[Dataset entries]
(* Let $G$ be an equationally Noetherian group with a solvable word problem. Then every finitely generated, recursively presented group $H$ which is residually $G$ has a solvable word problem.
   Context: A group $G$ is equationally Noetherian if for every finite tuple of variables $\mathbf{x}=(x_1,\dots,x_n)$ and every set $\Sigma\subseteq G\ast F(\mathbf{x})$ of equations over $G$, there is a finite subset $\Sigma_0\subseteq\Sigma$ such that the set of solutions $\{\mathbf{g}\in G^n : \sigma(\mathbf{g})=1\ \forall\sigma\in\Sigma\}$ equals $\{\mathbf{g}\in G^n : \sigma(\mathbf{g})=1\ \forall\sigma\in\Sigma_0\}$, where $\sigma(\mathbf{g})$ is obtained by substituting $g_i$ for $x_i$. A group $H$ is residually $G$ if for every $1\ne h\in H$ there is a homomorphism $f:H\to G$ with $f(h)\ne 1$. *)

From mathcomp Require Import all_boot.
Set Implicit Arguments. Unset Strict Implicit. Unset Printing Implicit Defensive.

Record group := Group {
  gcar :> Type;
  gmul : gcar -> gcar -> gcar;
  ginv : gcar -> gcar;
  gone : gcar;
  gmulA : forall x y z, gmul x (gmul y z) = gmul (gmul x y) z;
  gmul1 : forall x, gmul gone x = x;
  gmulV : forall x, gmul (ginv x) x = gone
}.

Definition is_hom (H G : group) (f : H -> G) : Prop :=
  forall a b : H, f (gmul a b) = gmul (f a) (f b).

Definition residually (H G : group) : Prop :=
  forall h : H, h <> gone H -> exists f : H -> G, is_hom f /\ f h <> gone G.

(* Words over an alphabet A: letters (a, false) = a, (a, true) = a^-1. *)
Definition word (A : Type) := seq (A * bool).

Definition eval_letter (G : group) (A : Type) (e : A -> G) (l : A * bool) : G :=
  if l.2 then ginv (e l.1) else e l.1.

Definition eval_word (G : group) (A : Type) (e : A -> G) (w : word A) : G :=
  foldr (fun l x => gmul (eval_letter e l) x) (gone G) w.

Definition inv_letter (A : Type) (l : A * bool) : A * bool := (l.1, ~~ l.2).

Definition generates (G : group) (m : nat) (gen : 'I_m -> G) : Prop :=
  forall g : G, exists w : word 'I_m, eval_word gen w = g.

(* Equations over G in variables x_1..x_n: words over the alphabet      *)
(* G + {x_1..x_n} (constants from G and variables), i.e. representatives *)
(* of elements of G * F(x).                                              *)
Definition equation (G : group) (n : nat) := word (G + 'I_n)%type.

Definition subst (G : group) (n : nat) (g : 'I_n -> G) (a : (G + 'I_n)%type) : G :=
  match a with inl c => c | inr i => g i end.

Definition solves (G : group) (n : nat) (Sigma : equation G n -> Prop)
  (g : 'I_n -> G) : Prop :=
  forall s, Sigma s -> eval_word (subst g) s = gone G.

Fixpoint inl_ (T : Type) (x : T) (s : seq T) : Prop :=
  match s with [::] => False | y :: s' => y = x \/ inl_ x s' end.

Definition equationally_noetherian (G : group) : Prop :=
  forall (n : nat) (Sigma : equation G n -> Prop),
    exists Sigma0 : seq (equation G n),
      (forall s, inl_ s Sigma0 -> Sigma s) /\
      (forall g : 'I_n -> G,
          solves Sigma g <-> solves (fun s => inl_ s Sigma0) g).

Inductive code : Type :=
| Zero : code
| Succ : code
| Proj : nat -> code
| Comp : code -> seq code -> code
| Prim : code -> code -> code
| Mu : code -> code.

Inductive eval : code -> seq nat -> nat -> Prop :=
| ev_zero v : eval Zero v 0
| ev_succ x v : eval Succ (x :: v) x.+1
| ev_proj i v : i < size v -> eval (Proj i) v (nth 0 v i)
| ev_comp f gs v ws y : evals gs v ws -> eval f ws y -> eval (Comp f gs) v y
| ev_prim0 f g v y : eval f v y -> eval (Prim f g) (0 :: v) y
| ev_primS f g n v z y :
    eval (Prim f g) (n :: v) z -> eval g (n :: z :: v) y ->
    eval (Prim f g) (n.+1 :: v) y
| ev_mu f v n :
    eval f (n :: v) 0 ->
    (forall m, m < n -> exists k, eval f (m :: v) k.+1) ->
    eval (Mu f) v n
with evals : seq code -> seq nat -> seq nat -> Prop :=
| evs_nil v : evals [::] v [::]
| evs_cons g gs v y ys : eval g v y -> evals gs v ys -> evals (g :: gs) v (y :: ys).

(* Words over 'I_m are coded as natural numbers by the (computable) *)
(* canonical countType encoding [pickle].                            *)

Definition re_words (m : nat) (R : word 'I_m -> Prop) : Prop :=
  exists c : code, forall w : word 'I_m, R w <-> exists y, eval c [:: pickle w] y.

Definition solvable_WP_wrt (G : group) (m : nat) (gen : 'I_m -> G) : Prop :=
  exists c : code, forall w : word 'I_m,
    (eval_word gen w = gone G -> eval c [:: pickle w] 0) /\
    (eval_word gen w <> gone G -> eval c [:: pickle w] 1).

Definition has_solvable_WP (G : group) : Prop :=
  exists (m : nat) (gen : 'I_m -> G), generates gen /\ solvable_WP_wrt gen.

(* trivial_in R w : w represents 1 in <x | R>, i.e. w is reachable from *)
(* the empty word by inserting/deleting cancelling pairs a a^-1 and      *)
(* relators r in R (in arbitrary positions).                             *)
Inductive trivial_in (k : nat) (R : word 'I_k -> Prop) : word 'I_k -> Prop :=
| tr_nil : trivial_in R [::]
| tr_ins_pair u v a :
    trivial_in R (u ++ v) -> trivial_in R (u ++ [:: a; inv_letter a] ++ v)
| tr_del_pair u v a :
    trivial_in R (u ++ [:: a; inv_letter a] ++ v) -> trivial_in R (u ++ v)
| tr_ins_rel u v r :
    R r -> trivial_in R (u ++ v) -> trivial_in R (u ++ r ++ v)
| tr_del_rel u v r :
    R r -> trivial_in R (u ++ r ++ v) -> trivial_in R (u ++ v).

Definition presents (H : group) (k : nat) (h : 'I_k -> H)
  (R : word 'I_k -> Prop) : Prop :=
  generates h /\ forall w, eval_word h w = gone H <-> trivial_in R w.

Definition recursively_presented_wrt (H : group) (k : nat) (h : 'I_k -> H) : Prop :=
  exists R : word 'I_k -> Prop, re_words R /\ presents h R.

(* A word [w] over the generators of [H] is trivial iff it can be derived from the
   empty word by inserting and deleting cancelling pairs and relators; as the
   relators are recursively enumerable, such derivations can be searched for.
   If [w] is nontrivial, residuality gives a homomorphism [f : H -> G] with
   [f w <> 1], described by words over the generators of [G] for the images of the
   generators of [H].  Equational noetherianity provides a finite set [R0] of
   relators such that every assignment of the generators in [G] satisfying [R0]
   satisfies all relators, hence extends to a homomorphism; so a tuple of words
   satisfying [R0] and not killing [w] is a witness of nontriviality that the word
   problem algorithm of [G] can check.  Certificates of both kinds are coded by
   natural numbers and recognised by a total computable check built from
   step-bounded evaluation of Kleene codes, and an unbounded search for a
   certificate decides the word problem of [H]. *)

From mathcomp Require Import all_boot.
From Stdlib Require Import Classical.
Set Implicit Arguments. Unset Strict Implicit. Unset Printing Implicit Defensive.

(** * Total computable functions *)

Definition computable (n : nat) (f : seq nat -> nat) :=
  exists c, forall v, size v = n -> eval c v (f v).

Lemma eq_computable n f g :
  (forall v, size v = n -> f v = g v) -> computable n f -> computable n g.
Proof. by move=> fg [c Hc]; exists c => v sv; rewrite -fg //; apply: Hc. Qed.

**What the task asks**
How many of the lines above include "pickle"? Only the number should be given.

**Problem solution**
4